INPUT MATERIAL.
(* Let $(X,f,\mu)$ and $(Y,g,\nu)$ be ergodic probability measure preserving dynamical systems on relatively compact metric spaces $X$ and $Y$, with $g$ invertible, and let $h\colon X\to\mathbb Z$ be measurable with $\int_X h\,d\mu=0$. Let $F(x,y)=(f(x),g^{h(x)}(y))$ on $Z=X\times Y$, endowed with the sup metric $d$. Then for $\mu$-a.e. $x\in X$ and every $y\in Y$, \[ \limsup_{r\to0}\frac{\log\tau_r^F(x,y)}{-\log r}\le \limsup_{r\to0}\frac{\log\tau_r^{\widetilde F}(x)}{-\log r}. \]
   Context: Write $h_n=\sum_{k=0}^{n-1}h\circ f^k$, so that $F^n(x,y)=(f^n(x),g^{h_n(x)}(y))$. The first return time of $F$ is $\tau_r^F(z)=\inf\{n\ge1: d(F^n(z),z)<r\}$ for $z\in Z$, $r>0$. The $\mathbb Z$-extension is $\widetilde F\colon X\times\mathbb Z\to X\times\mathbb Z$, $\widetilde F(x,q)=(f(x),q+h(x))$, and its return time to the $r$-neighbourhood of the starting point (independent of $q$) is $\tau_r^{\widetilde F}(x)=\inf\{n\ge1: d(f^n(x),x)<r,\ h_n(x)=0\}$. *)

From HB Require Import structures.
From mathcomp Require Import all_boot all_order all_algebra.
From mathcomp Require Import all_classical all_reals all_analysis.
Set Implicit Arguments. Unset Strict Implicit. Unset Printing Implicit Defensive.
Import Order.TTheory GRing.Theory Num.Theory.
Import numFieldTopology.Exports numFieldNormedType.Exports.
Local Open Scope classical_set_scope.
Local Open Scope ring_scope.

Section defs.
Variable R : realType.

Definition is_metric (T : Type) (d : T -> T -> R) : Prop :=
  [/\ forall x y, 0 <= d x y,
      forall x y, d x y = 0 <-> x = y,
      forall x y, d x y = d y x &
      forall x y z, d x z <= d x y + d y z].

(* relatively compact (= totally bounded: compact closure in the completion) *)
Definition totally_bounded (T : Type) (d : T -> T -> R) : Prop :=
  forall e : R, 0 < e -> exists (n : nat) (c : nat -> T),
    forall x, exists i, (i < n)%N /\ d x (c i) < e.

Definition d_open (T : Type) (d : T -> T -> R) (A : set T) : Prop :=
  forall x, A x -> exists2 e : R, 0 < e & forall y, d x y < e -> A y.

Definition borel_for (dT : measure_display) (T : measurableType dT)
  (d : T -> T -> R) : Prop :=
  @measurable _ T = <<s d_open d >>.

Definition measure_preserving (dT : measure_display) (T : measurableType dT)
  (mu : probability T R) (f : T -> T) : Prop :=
  measurable_fun setT f /\
  forall A, measurable A -> mu (f @^-1` A) = mu A.

Definition ergodic (dT : measure_display) (T : measurableType dT)
  (mu : probability T R) (f : T -> T) : Prop :=
  measure_preserving mu f /\
  forall A, measurable A -> f @^-1` A = A -> mu A = 0%E \/ mu A = 1%E.

Definition iterz (T : Type) (g ginv : T -> T) (n : int) : T -> T :=
  match n with
  | Posz k => iter k g
  | Negz k => iter k.+1 ginv
  end.

Definition hsum (X : Type) (f : X -> X) (h : X -> int) (n : nat) (x : X) : int :=
  \sum_(k < n) h (iter k f x).

Definition skewF (X Y : Type) (f : X -> X) (g ginv : Y -> Y) (h : X -> int)
  (z : X * Y) : X * Y :=
  (f z.1, iterz g ginv (h z.1) z.2).

Definition sup_metric (X Y : Type) (dX : X -> X -> R) (dY : Y -> Y -> R)
  (z w : X * Y) : R := Num.max (dX z.1 w.1) (dY z.2 w.2).

(* first return time (+oo if no return) *)
Definition return_time (T : Type) (d : T -> T -> R) (F : T -> T) (r : R) (z : T)
  : \bar R :=
  ereal_inf [set (n%:R)%:E | n in [set n : nat | (0 < n)%N /\ d (iter n F z) z < r]].

(* return time of the Z-extension to the r-neighbourhood *)
Definition Zext_return_time (X : Type) (d : X -> X -> R) (f : X -> X)
  (h : X -> int) (r : R) (x : X) : \bar R :=
  ereal_inf [set (n%:R)%:E | n in [set n : nat |
     (0 < n)%N /\ d (iter n f x) x < r /\ hsum f h n x = 0]].

Definition elog (t : \bar R) : \bar R :=
  match t with
  | EFin a => (ln a)%:E
  | +oo%E => +oo%E
  | -oo%E => -oo%E
  end.

Definition rec_ratio (t : \bar R) (r : R) : \bar R :=
  (elog t * ((- ln r)^-1)%:E)%E.

Definition limsup_at0 (phi : R -> \bar R) : \bar R := limf_esup phi 0^'+.

End defs.

From HB Require Import structures.
From mathcomp Require Import all_boot all_order all_algebra.
From mathcomp Require Import all_classical all_reals all_analysis.
From mathcomp Require Import zify.
Set Implicit Arguments. Unset Strict Implicit. Unset Printing Implicit Defensive.
Import Order.TTheory GRing.Theory Num.Theory.
Import numFieldTopology.Exports numFieldNormedType.Exports.
Local Open Scope classical_set_scope.
Local Open Scope ring_scope.

(* If [h_n(x) = 0] then [F^n(x, y) = (f^n x, y)], so every return time of the
   Z-extension to the [r]-neighbourhood of [x] is a return time of [F] to the
   [r]-ball around [(x, y)] in the sup metric.  Hence [tau_r^F(x, y)] is at most
   [tau_r^{~F}(x)] for every [x], [y] and [r], and the inequality passes through
   [log _ / - log r] (for [0 < r <= 1]) and the [limsup]. *)

Section IterZ.
Variables (T : Type) (g ginv : T -> T).
Hypotheses (gK : cancel g ginv) (ginvK : cancel ginv g).

Lemma iterzD1 (b : int) y : iterz g ginv (b + 1) y = g (iterz g ginv b y).
Proof.
case: b => [k|[|k]]; first by have -> : Posz k + 1 = Posz k.+1 by lia.
  by rewrite /= ginvK.
have -> : Negz k.+1 + 1 = Negz k by rewrite !NegzE; lia.
by rewrite /= ginvK.
Qed.

Lemma iterzB1 (b : int) y : iterz g ginv (b - 1) y = ginv (iterz g ginv b y).
Proof.
case: b => [[|k]|k] //.
  have -> : Posz k.+1 - 1 = Posz k by lia.
  by rewrite /= gK.
by have -> : Negz k - 1 = Negz k.+1 by rewrite !NegzE; lia.
Qed.

Lemma iterzD (a b : int) y :
  iterz g ginv a (iterz g ginv b y) = iterz g ginv (a + b) y.
Proof.
case: a => [n|n]; elim: n => [|n IHn].
- by rewrite add0r.
- have -> : Posz n.+1 + b = Posz n + b + 1 by lia.
  by rewrite iterzD1 -IHn.
- have -> : Negz 0 + b = b - 1 by rewrite NegzE; lia.
  by rewrite iterzB1.
- have -> : Negz n.+1 + b = Negz n + b - 1 by rewrite !NegzE; lia.
  by rewrite iterzB1 -IHn.
Qed.

End IterZ.

Lemma iter_skewF (X Y : Type) (f : X -> X) (g ginv : Y -> Y) (h : X -> int) :
  cancel g ginv -> cancel ginv g -> forall n x y,
  iter n (skewF f g ginv h) (x, y) = (iter n f x, iterz g ginv (hsum f h n x) y).
Proof.
move=> gK ginvK; elim=> [|n IHn] x y; first by rewrite /hsum big_ord0.
by rewrite iterS IHn /skewF /= iterzD // /hsum big_ord_recr /= addrC.
Qed.

Local Open Scope ereal_scope.

Lemma le_limf_esup (R : realType) (T : choiceType) (X : filteredType T)
    (F : set_system X) (u v : X -> \bar R) :
  Filter F -> (\forall x \near F, u x <= v x) -> limf_esup u F <= limf_esup v F.
Proof.
move=> FF uv; apply: le_ereal_inf_tmp => _ [V FV <-].
pose W := V `&` [set x | u x <= v x].
apply: (@le_trans _ _ (ereal_sup (u @` W))).
  by apply: ereal_inf_lbound; exists W => //; apply: filterI.
apply: ge_ereal_sup => _ [x [Vx uvx] <-].
by apply: (le_trans uvx); apply: ereal_sup_ubound; exists x.
Qed.

Lemma le_elog (R : realType) (s t : \bar R) : 0 < s -> s <= t -> elog s <= elog t.
Proof.
case: s => [s| |] //; case: t => [t| |] //= s0 st; last by rewrite leey.
by rewrite lee_fin ler_ln ?posrE -?lte_fin ?(lt_le_trans s0 st).
Qed.

Lemma le_rec_ratio (R : realType) (r : R) (s t : \bar R) :
  (0 < r <= 1)%R -> 0 < s -> s <= t -> rec_ratio s r <= rec_ratio t r.
Proof.
move=> /andP[r0 r1] s0 st; apply: lee_wpmul2r; last exact: le_elog.
by rewrite lee_fin invr_ge0 oppr_ge0 ln_le0.
Qed.

Lemma return_time_ge1 (R : realType) (T : Type) (d : T -> T -> R) (F : T -> T) r z :
  1 <= return_time d F r z.
Proof. by apply: le_ereal_inf_tmp => _ [n [n0 _] <-]; rewrite lee_fin ler1n. Qed.

Lemma return_time_skewF_le (R : realType) (X Y : Type)
    (dX : X -> X -> R) (dY : Y -> Y -> R)
    (f : X -> X) (g ginv : Y -> Y) (h : X -> int) r x y :
  cancel g ginv -> cancel ginv g ->
  (forall x1 x2, (0 <= dX x1 x2)%R) -> (forall y, dY y y = 0%R) ->
  return_time (sup_metric dX dY) (skewF f g ginv h) r (x, y)
  <= Zext_return_time dX f h r x.
Proof.
move=> gK ginvK dX_ge0 dY_refl.
apply: ereal_inf_le_tmp => _ [n [n0 [dn hn]] <-]; exists n => //; split=> //.
by rewrite iter_skewF // hn /sup_metric /= dY_refl gt_max dn (le_lt_trans _ dn).
Qed.

Local Close Scope ereal_scope.

Theorem proposition2p1 (R : realType)
  (dispX dispY : measure_display)
  (X : measurableType dispX) (Y : measurableType dispY)
  (dX : X -> X -> R) (dY : Y -> Y -> R)
  (mu : probability X R) (nu : probability Y R)
  (f : X -> X) (g ginv : Y -> Y) (h : X -> int) :
  is_metric dX -> is_metric dY ->
  totally_bounded dX -> totally_bounded dY ->
  borel_for dX -> borel_for dY ->
  ergodic mu f -> ergodic nu g ->
  cancel g ginv -> cancel ginv g -> measurable_fun setT ginv ->
  (forall k : int, measurable (h @^-1` [set k])) ->
  mu.-integrable setT (fun x => ((h x)%:~R : R)%:E) ->
  (\int[mu]_x ((h x)%:~R : R)%:E = 0)%E ->
  {ae mu, forall x : X, forall y : Y,
     (limsup_at0 (fun r => rec_ratio
         (return_time (sup_metric dX dY) (skewF f g ginv h) r (x, y)) r)
      <= limsup_at0 (fun r => rec_ratio (Zext_return_time dX f h r x) r))%E}.
Proof.
move=> [dX_ge0 _ _ _] [_ dY0 _ _] _ _ _ _ _ _ gK ginvK _ _ _ _.
have dY_refl y : dY y y = 0 by apply/dY0.
apply: aeW => x y; apply: le_limf_esup; near=> r.
apply: le_rec_ratio; last exact: return_time_skewF_le.
- apply/andP; split; near: r; first exact: nbhs_right_gt.
  by apply: nbhs_right_le; exact: ltr01.
- exact: lt_le_trans lte01 (return_time_ge1 _ _ _ _).
Unshelve. all: by end_near.
Qed.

TASK TO CARRY OUT. Give the number of lines in the entries that hold the string "elim", and add nothing else.

WRITTEN SOLUTION. 2